**WHAT THIS TASK INVOLVES**
Which lines of the entries contain the string "homfracV"? Please find them and copy them.

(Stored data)
(* Units are homogeneous, and [1 + a] has nonzero components in degrees 0 and
   [deg a]. *)
Lemma subfield_grade0 (k : B -> Prop) : subfield_set k -> forall a, k a -> Bd 0 a.
Proof.
move=> [subk kinv] a ka.
have k_homog x : k x -> x != 0 -> exists m, Bd m x.
  by move=> kx x0; have [xu _] := kinv x kx x0; apply: (unit_homog (mulrV xu)).
have [->|a0] := eqVneq a 0; first exact: grade0.
have [m am] := k_homog a ka a0.
have [<-//|m0] := eqVneq m 0.
have k1a : k (1 + a) by apply: (subringD subk) => //; apply: (subring1 subk).
have [a1|a1] := eqVneq (1 + a) 0.
  have -> : a = -1 by apply/eqP; rewrite -addr_eq0 addrC a1.
  exact: gradeN grade1.
have [m' am'] := k_homog _ k1a a1.
have hcomp1a n : hcomp (1 + a) n = (n == 0)%:R + (if n == m then a else 0).
  by rewrite hcompD (hcomp_homog grade1) (hcomp_homog am); case: eqP.
have deg0 : 0 = m'.
  by apply: (hcomp_homog_supp am'); rewrite hcomp1a eqxx (eq_sym 0) (negPf m0) addr0 oner_neq0.
have degm : m = m'.
  by apply: (hcomp_homog_supp am'); rewrite hcomp1a eqxx (negPf m0) add0r a0.
by move: m0; rewrite degm -deg0 eqxx.
Qed.

End GradedOne.

End Grading.

Section HomogeneousFractions.
Variables (B : idomainType) (Bd : int -> B -> Prop).
Hypotheses (gradB : is_Zgrading Bd) (grade1 : Bd 0 1).

Definition homfrac m (z : Frac B) := exists a b e1 e2,
  [/\ Bd e1 a, Bd e2 b, b != 0, m = e1 - e2 & z = frac_of a / frac_of b].

Lemma homfrac_tofrac m a : Bd m a -> homfrac m (frac_of a).
Proof.
by move=> ha; exists a, 1, m, 0; rewrite ?oner_neq0 ?subr0 ?rmorph1 ?divr1.
Qed.

Lemma homfrac0 m : homfrac m 0.
Proof. by rewrite -(rmorph0 frac_of); apply/homfrac_tofrac/(grade0 gradB). Qed.

Lemma homfrac1 : homfrac 0 1.
Proof. by rewrite -(rmorph1 frac_of); apply: homfrac_tofrac. Qed.

Lemma homfracM m n z w : homfrac m z -> homfrac n w -> homfrac (m + n) (z * w).
Proof.
move=> [a [b [e1 [e2 [ha hb b0 -> ->]]]]] [a' [b' [e1' [e2' [ha' hb' b0' -> ->]]]]].
exists (a * a'), (b * b'), (e1 + e1'), (e2 + e2'); split; try exact: (gradeM gradB).
- by rewrite mulf_neq0.
- by rewrite addrACA opprD.
- by rewrite !rmorphM mulf_div.
Qed.

Lemma homfracV m z : homfrac m z -> homfrac (- m) z^-1.
Proof.
move=> [a [b [e1 [e2 [ha hb b0 -> ->]]]]].
have [->|a0] := eqVneq a 0; first by rewrite rmorph0 mul0r invr0; apply: homfrac0.
by exists b, a, e2, e1; rewrite opprB invf_div.
Qed.

Lemma homfracD m z w : homfrac m z -> homfrac m w -> homfrac m (z + w).
Proof.
move=> [a [b [e1 [e2 [ha hb b0 em ->]]]]] [a' [b' [e1' [e2' [ha' hb' b0' em' ->]]]]].
exists (a * b' + a' * b), (b * b'), (e1 + e2'), (e2 + e2'); split.
- apply: (gradeD gradB); first exact: (gradeM gradB).
  have -> : e1 + e2' = e1' + e2 by lia.
  exact: (gradeM gradB).
- exact: (gradeM gradB).
- by rewrite mulf_neq0.
- by rewrite em; ring.
- by rewrite addf_div ?tofrac_eq0 // !rmorphD !rmorphM.
Qed.

Lemma homfracX m z n : homfrac m z -> homfrac (m *+ n) (z ^+ n).
Proof.
move=> hz; elim: n => [|n IH]; first by rewrite expr0 mulr0n; apply: homfrac1.
by rewrite exprS mulrS; apply: homfracM.
Qed.

Lemma homfrac_sum m (I : Type) (r : seq I) (P : pred I) (G : I -> Frac B) :
  (forall i, P i -> homfrac m (G i)) -> homfrac m (\sum_(i <- r | P i) G i).
Proof. by move=> hG; apply: big_ind => //; [apply: homfrac0 | apply: homfracD]. Qed.

Lemma homfrac_expz m z (q : int) : homfrac m z -> homfrac (m * q) (z ^ q).
Proof.
move=> hz; have mulz (n : nat) : m * n%:Z = m *+ n by rewrite -mulr_natr natz.
case: q => n; first by rewrite -exprnP mulz; apply: homfracX.
by rewrite NegzE -exprnN mulrN mulz; apply/homfracV/homfracX.
Qed.

Lemma homfrac_common_denom n (z : nat -> Frac B) (m : nat -> int) :
  (forall i, (i < n)%N -> homfrac (m i) (z i)) ->
  exists b e (a : nat -> B), [/\ b != 0, Bd e b &
     forall i, (i < n)%N -> Bd (m i + e) (a i) /\ z i = frac_of (a i) / frac_of b].
Proof.
elim: n => [|n IH] hz.
  by exists 1, 0, (fun _ => 0); split; rewrite ?oner_neq0.
have [i lt_in|b [e [a [b0 hb ha]]]] := IH; first by apply/hz/ltnW.
have [a' [b' [e1 [e2 [ha' hb' b0' em ez]]]]] := hz n (ltnSn n).
exists (b * b'), (e + e2), (fun i => if (i < n)%N then a i * b' else a' * b).
split; [by rewrite mulf_neq0 | exact: (gradeM gradB) |].
move=> i; rewrite ltnS leq_eqVlt => /orP[/eqP ->|lt_in].
  rewrite ltnn; split.
    have -> : m n + (e + e2) = e1 + e by rewrite em; ring.
    exact: (gradeM gradB).
  by rewrite ez !rmorphM [frac_of b * _]mulrC -mulf_div divff ?mulr1 // tofrac_eq0.
rewrite lt_in; have [hai ->] := ha i lt_in; split.
  by rewrite addrA; apply: (gradeM gradB).
by rewrite !rmorphM -mulf_div divff ?mulr1 // tofrac_eq0.
Qed.

(* Over a common homogeneous denominator this is the directness of the grading. *)
Lemma homfrac_indep k (z : nat -> Frac B) (m : nat -> int) :
  (forall i, (i < k)%N -> homfrac (m i) (z i)) ->
  {in gtn k &, injective m} ->
  \sum_(i < k) z i = 0 -> forall j, (j < k)%N -> z j = 0.
Proof.
move=> hz m_inj sum0 j lt_jk.
have [b [e [a [b0 hb ha]]]] := homfrac_common_denom hz.
have sum_a : \sum_(i < k) a i = 0.
  apply/eqP; rewrite -tofrac_eq0 rmorph_sum; apply/eqP.
  transitivity (\sum_(i < k) z i * frac_of b); last by rewrite -mulr_suml sum0 mul0r.
  apply: eq_bigr => i _ /=.
  by have [_ ->] := ha i (ltn_ord i); rewrite divfK ?tofrac_eq0.
have := homog_indep gradB (fun i : 'I_k => (ha i (ltn_ord i)).1) _ sum_a (Ordinal lt_jk).
have [_ -> /= ->] := ha j lt_jk; first by rewrite rmorph0 mul0r.
by move=> i i2 /addIr /m_inj eq_ii2; apply/val_inj/eq_ii2; rewrite inE ltn_ord.
Qed.

End HomogeneousFractions.

Section RationalExpressions.
Variables (F : fieldType) (K : F -> Prop) (x y : F).
Hypothesis fieldK : subfield_set K.

Let subK : subring_set K. Proof. by case: fieldK. Qed.

Lemma coefs_in_subring : subring_set (coefs_in K).
Proof. exact: poly_over_subring (poly_over_subring subK). Qed.

Lemma coefs_inC c : K c -> coefs_in K c%:P%:P.
Proof. by move=> Kc; apply/(poly_overC (poly_over_subring subK))/(poly_overC subK). Qed.

Lemma eval2D P Q : eval2 (P + Q) x y = eval2 P x y + eval2 Q x y.
Proof. by rewrite /eval2 !hornerD. Qed.
Lemma eval2M P Q : eval2 (P * Q) x y = eval2 P x y * eval2 Q x y.
Proof. by rewrite /eval2 !hornerM. Qed.
Lemma eval2CC c : eval2 c%:P%:P x y = c.
Proof. by rewrite /eval2 !hornerC. Qed.
Lemma eval2C p : eval2 p%:P x y = p.[x].
Proof. by rewrite /eval2 hornerC. Qed.
Lemma eval2X : eval2 'X x y = y.
Proof. by rewrite /eval2 hornerX hornerC. Qed.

**ANSWER BELOW**
Lemma homfracV m z : homfrac m z -> homfrac (- m) z^-1.
by rewrite NegzE -exprnN mulrN mulz; apply/homfracV/homfracX.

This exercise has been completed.